Another answer to this ground of defence is, that the purchaser of the bonds bad a right to assume that the vote of the county, which was made a condition to the grant of the power, had been obtained, from the fact of the subscription, by the board, to the stock of the railroad company, and the issuing of the bonds.

The bonds on their face import a compliance with the law under which they were issued "This bond," we quote, "is issued in part payment of a subscription of two hundred thousand dollars, by the said Knox county, to the capital stock, &c., by order of the board of commissioners," in pursuance of the third section of act, &c., passed by the General Assembly of the State of Indiana, and approved 15th January, 1849.

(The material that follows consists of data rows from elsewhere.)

(* Let $B=R(t,\sigma,H,J)$ and $B'=R'(t',\sigma',H',J')$ be BR algebras, and let $\phi:R\to R'$ be a $\Bbbk$-algebra homomorphism with $\phi(H)\subseteq H'$, $\phi(J)\subseteq J'$ and $\phi\circ\sigma=\sigma'\circ\phi$. Then for each $\gamma\in\Bbbk^\times$ there is a graded algebra homomorphism $\Phi_\gamma:B\to B'$ with $\Phi_\gamma(at^n)=\gamma^n\phi(a)(t')^n$ for all $n\in\mathbb Z$ and $a\in I^{(n)}$ (in particular $\Phi_\gamma$ restricts to $\phi$ on $R=B_0$). Moreover: (1) if $\Phi_\gamma$ is injective (resp. surjective), then $\phi$ is injective (resp. surjective); (2) if $R'$ is a domain and $\phi$ is injective, then $\Phi_\gamma$ is injective; (3) if $\phi(H)=H'$, $\phi(J)=J'$ and $\phi$ is surjective, then $\Phi_\gamma$ is surjective.
   Context: $\Bbbk$ is a field; all algebras are associative unital $\Bbbk$-algebras. For an algebra $R$ and $\sigma\in\operatorname{Aut}_\Bbbk(R)$, $R[t,t^{-1};\sigma]$ is the skew Laurent ring: generated over $R$ by $t,t^{-1}$ with $tt^{-1}=t^{-1}t=1$ and $t^{\pm1}r=\sigma^{\pm1}(r)t^{\pm1}$ for $r\in R$. Given two-sided ideals $H,J$ of $R$, set $I^{(0)}=R$, $I^{(n)}=J\sigma(J)\cdots\sigma^{n-1}(J)$ for $n\ge1$, and $I^{(n)}=\sigma^{-1}(H)\sigma^{-2}(H)\cdots\sigma^{n}(H)$ for $n\le-1$; it is assumed throughout that $I^{(n)}\neq0$ for all $n\in\mathbb Z$. The Bell–Rogalski (BR) algebra is $R(t,\sigma,H,J)=\bigoplus_{n\in\mathbb Z}I^{(n)}t^n\subseteq R[t,t^{-1};\sigma]$, graded by $\deg(I^{(n)}t^n)=n$. For $B'$ the analogous notation $I'^{(n)}$ is used with $R',\sigma',H',J',t'$. *)

From HB Require Import structures.
From mathcomp Require Import all_boot all_order all_algebra.
From mathcomp Require Import finmap.
Set Implicit Arguments. Unset Strict Implicit. Unset Printing Implicit Defensive.
Import Order.TTheory GRing.Theory Num.Theory.
Local Open Scope ring_scope.


Definition is_ideal (R : nzRingType) (I : R -> Prop) : Prop :=
  [/\ I 0, (forall x y, I x -> I y -> I (x + y)) &
      (forall r x, I x -> I (r * x) /\ I (x * r))].

(* noncommutative domain: no zero divisors (1 != 0 holds in a nzRing) *)
Definition is_domain (R : nzRingType) : Prop :=
  forall x y : R, x * y = 0 -> x = 0 \/ y = 0.

Definition img (R S : Type) (f : R -> S) (P : R -> Prop) : S -> Prop :=
  fun y => exists x, P x /\ y = f x.

Definition idealprod (R : nzRingType) (P Q : R -> Prop) : R -> Prop :=
  fun x => exists s : seq (R * R),
    (forall p, p \in s -> P p.1 /\ Q p.2) /\ x = \sum_(p <- s) p.1 * p.2.

Fixpoint prodI (R : nzRingType) (P : R -> Prop) (Qs : seq (R -> Prop)) : R -> Prop :=
  match Qs with
  | [::] => P
  | Q :: Qs' => idealprod P (prodI Q Qs')
  end.

Definition spow (R : Type) (s si : R -> R) (n : int) : R -> R :=
  match n with
  | Posz m => iter m s
  | Negz m => iter m.+1 si
  end.

(* I^(n):  I^(0) = R,  I^(n) = J s(J) ... s^(n-1)(J)  (n >= 1),
   I^(n) = s^-1(H) s^-2(H) ... s^n(H)  (n <= -1)   *)
Definition Ipow (R : nzRingType) (s si : R -> R) (H J : R -> Prop) (n : int)
  : R -> Prop :=
  match n with
  | Posz 0 => fun _ => True
  | Posz m.+1 => prodI J [seq img (iter k s) J | k <- iota 1 m]
  | Negz m => prodI (img si H) [seq img (iter k si) H | k <- iota 2 m]
  end.

(* Elements of the skew Laurent ring R[t,t^-1;s]: finitely supported
   coefficient functions  f : Z -> R  standing for  \sum_n f(n) t^n. *)
Notation SL R := {fsfun int -> R with 0}.

Definition SLadd (R : nzRingType) (f g : SL R) : SL R :=
  [fsfun n in (finsupp f `|` finsupp g)%fset => f n + g n].

Definition SLscale (k : fieldType) (R : algType k) (c : k) (f : SL R) : SL R :=
  [fsfun n in finsupp f => c *: f n].

(* (a t^i)(b t^j) = a s^i(b) t^(i+j) *)
Definition SLmul (R : nzRingType) (s si : R -> R) (f g : SL R) : SL R :=
  [fsfun n in [fset (i + j)%R | i in finsupp f, j in finsupp g]%fset =>
     \sum_(i <- finsupp f) f i * spow s si i (g (n - i))].

Definition SLmono (R : nzRingType) (n : int) (a : R) : SL R :=
  [fsfun m in [fset n]%fset => if m == n then a else 0].

Definition SLone (R : nzRingType) : SL R := @SLmono R 0 1.

(* membership in the BR algebra R(t, s, H, J) = \bigoplus_n I^(n) t^n *)
Definition inBR (R : nzRingType) (s si : R -> R) (H J : R -> Prop) (f : SL R)
  : Prop := forall n : int, Ipow s si H J n (f n).

Definition BR_data (k : fieldType) (R : algType k) (s : {lrmorphism R -> R})
  (si : R -> R) (H J : R -> Prop) : Prop :=
  [/\ cancel s si, cancel si s, is_ideal H, is_ideal J &
      forall n : int, exists x, Ipow s si H J n x /\ x <> 0].

From HB Require Import structures.
From mathcomp Require Import all_boot all_order all_algebra.
From mathcomp Require Import finmap.
From Stdlib Require Import ClassicalEpsilon.
Set Implicit Arguments. Unset Strict Implicit. Unset Printing Implicit Defensive.
Import Order.TTheory GRing.Theory Num.Theory.
Local Open Scope ring_scope.
(* Let $(X_1,x_1)$ and $(X_2,x_2)$ be pointed diffeological spaces. Then there is a natural isomorphism of vector spaces $T_{(x_1,x_2)}(X_1\times X_2)\cong T_{x_1}(X_1)\times T_{x_2}(X_2)$.
   Context: A diffeological space is a set $X$ together with, for every open subset $U$ of every $\mathbb{R}^n$, a set of functions $U\to X$ called plots, such that constant maps are plots, the composite of a plot with a smooth map between open subsets of Euclidean spaces is a plot, and a function which is locally a plot is a plot; smooth maps send plots to plots. $X_1\times X_2$ carries the product diffeology, whose plots are the maps whose components are plots. The internal tangent space $T_x(X)$ is the colimit in the category of real vector spaces of the functor on the category whose objects are plots $p:U\to X$ with $U$ a connected open neighbourhood of $0$ in some $\mathbb{R}^n$ and $p(0)=x$, and whose morphisms $p\to q$ (for $q:V\to X$) are smooth maps $f:U\to V$ with $f(0)=0$ and $q\circ f=p$, sending $p$ to $T_0(U)$ and $f$ to $f_*:T_0(U)\to T_0(V)$. Smooth pointed maps induce linear maps between internal tangent spaces. *)

From HB Require Import structures.
From mathcomp Require Import all_boot all_order all_algebra.
From mathcomp Require Import all_classical all_reals.
From mathcomp Require Import topology normedtype derive.
Set Implicit Arguments. Unset Strict Implicit. Unset Printing Implicit Defensive.
Import Order.TTheory GRing.Theory Num.Theory.
Import numFieldNormedType.Exports.
Local Open Scope classical_set_scope.
Local Open Scope ring_scope.

Definition dom (R : realType) (n : nat) (U : set 'rV[R]_n) := {u : 'rV[R]_n | U u}.

Fixpoint Ck (R : realType) (m n : nat) (k : nat) (F : 'rV[R]_m -> 'rV[R]_n)
  (U : set 'rV[R]_m) {struct k} : Prop :=
  match k with
  | 0%N => forall x, U x -> {for x, continuous F}
  | k'.+1 => (forall x, U x -> differentiable F x) /\
             (forall v : 'rV[R]_m, Ck k' (fun x => 'd F x v) U)
  end.

Definition smooth_on (R : realType) (m n : nat) (F : 'rV[R]_m -> 'rV[R]_n)
  (U : set 'rV[R]_m) : Prop := forall k, Ck k F U.

Definition plots (R : realType) (X : Type) :=
  forall (n : nat) (U : set 'rV[R]_n), (dom U -> X) -> Prop.

Definition precomp (R : realType) (X : Type) (m n : nat) (U : set 'rV[R]_n)
  (V : set 'rV[R]_m) (p : dom U -> X) (F : 'rV[R]_m -> 'rV[R]_n)
  (hF : forall v, V v -> U (F v)) : dom V -> X :=
  fun v => p (exist _ (F (sval v)) (hF _ (proj2_sig v))).

Definition is_diffeology (R : realType) (X : Type) (plot : plots R X) : Prop :=
  [/\
      (forall n (U : set 'rV[R]_n) p, plot n U p -> open U),
      (forall n (U : set 'rV[R]_n) (x : X), open U -> plot n U (fun _ => x)),
      (forall m n (U : set 'rV[R]_n) (V : set 'rV[R]_m) (p : dom U -> X)
         (F : 'rV[R]_m -> 'rV[R]_n) (hF : forall v, V v -> U (F v)),
         open V -> plot n U p -> smooth_on F V -> plot m V (precomp p hF)) &
      (forall n (U : set 'rV[R]_n) (p : dom U -> X), open U ->
         (forall u : dom U, exists (W : set 'rV[R]_n) (hW : forall w, W w -> U (id w)),
              [/\ open W, W (sval u) & plot n W (precomp p hW)]) ->
         plot n U p)].

Definition prod_plots (R : realType) (X1 X2 : Type) (P1 : plots R X1) (P2 : plots R X2)
  : plots R (X1 * X2) :=
  fun n U p => P1 n U (fun u => (p u).1) /\ P2 n U (fun u => (p u).2).

(** Objects of the indexing category of the internal tangent space at x:
    plots p : U -> X with U a connected open neighbourhood of 0 and p(0) = x. *)
Record pplot (R : realType) (X : Type) (plot : plots R X) (x : X) := PPlot {
  pn : nat;
  pU : set 'rV[R]_pn;
  pU_open : open pU;
  pU_conn : connected pU;
  pU0 : pU 0;
  pmap : dom pU -> X;
  pmap_plot : plot pn pU pmap;
  pmap0 : pmap (exist _ 0 pU0) = x }.

Arguments pn {R X plot x} p.
Arguments pU {R X plot x} p.
Arguments pU_open {R X plot x} p.
Arguments pU_conn {R X plot x} p.
Arguments pU0 {R X plot x} p.
Arguments pmap {R X plot x} p.
Arguments pmap_plot {R X plot x} p.
Arguments pmap0 {R X plot x} p.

The purchaser was not bound to look further for evidence of a compliance with the conditions to the grant of the power. This principle was recently applied in a case in the Court of Exchequer in England. (6 Ellis & Blackburn, p. 327, The Royal British Bank v. Tarquand.) It was an action upon a bond against the defendant, as the manager of a joint stock company. The defence was a want of power under the deed of settlement or charter to give the bond. One of the clauses in the charter provided that the directors might borrow money on bonds in such sums as should from time to time by a general resolution of the company be authorized to be borrowed. The resolution passed was considered defective. Jervis, Ch. B., in delivering the judgment of the court, observed: "We may now take it for granted that the dealings with these companies are not like dealings with other partnerships, and that the parties dealing with them are bound to read the statute and the deed of settlement. But they are not bound to do more. And the party here, on reading the deed of settlement, would find, not a prohibition from borrowing, but a permission *546 to do so on certain conditions. Finding that the authority might be made complete by a resolution, he would have a right to infer the fact of a resolution authorizing that which, on the face of the document, appeared to be legitimately done." (See also 5 Ellis and Bl., p. 245, S.C., and 25 E.L. and Eq., p. 114, Macle v. Sutherland.) The principle we think sound, and is entirely applicable to the question before us.

A question was made upon the argument, that the suit could not be maintained upon the coupons without the production of the bonds to which they had been attached. But the answer is, that these coupons or warrants for the interest were drawn and executed in a form and mode for the very purpose of separating them from the bond, and thereby dispensing with the necessity of its production at the time of the accruing of each instalment of interest, and at the same time to furnish complete evidence of the payment of the interest to the makers of the obligation.

Some other minor points were made in the case upon the argument, which we have considered, but which it is not important should be particularly noticed. We are satisfied the judgment below is right, and should be affirmed.

Mr. Justice DANIEL dissenting.

In the case of the Knox County Commissioners v. Aspinwall et al., it is my opinion, in the first place, that the Circuit Court had not jurisdiction of the cause, one of the parties being a corporation; and, secondly, I think that the commissioners being known to be a party, it was the duty of those who dealt with them to ascertain the extent of their powers.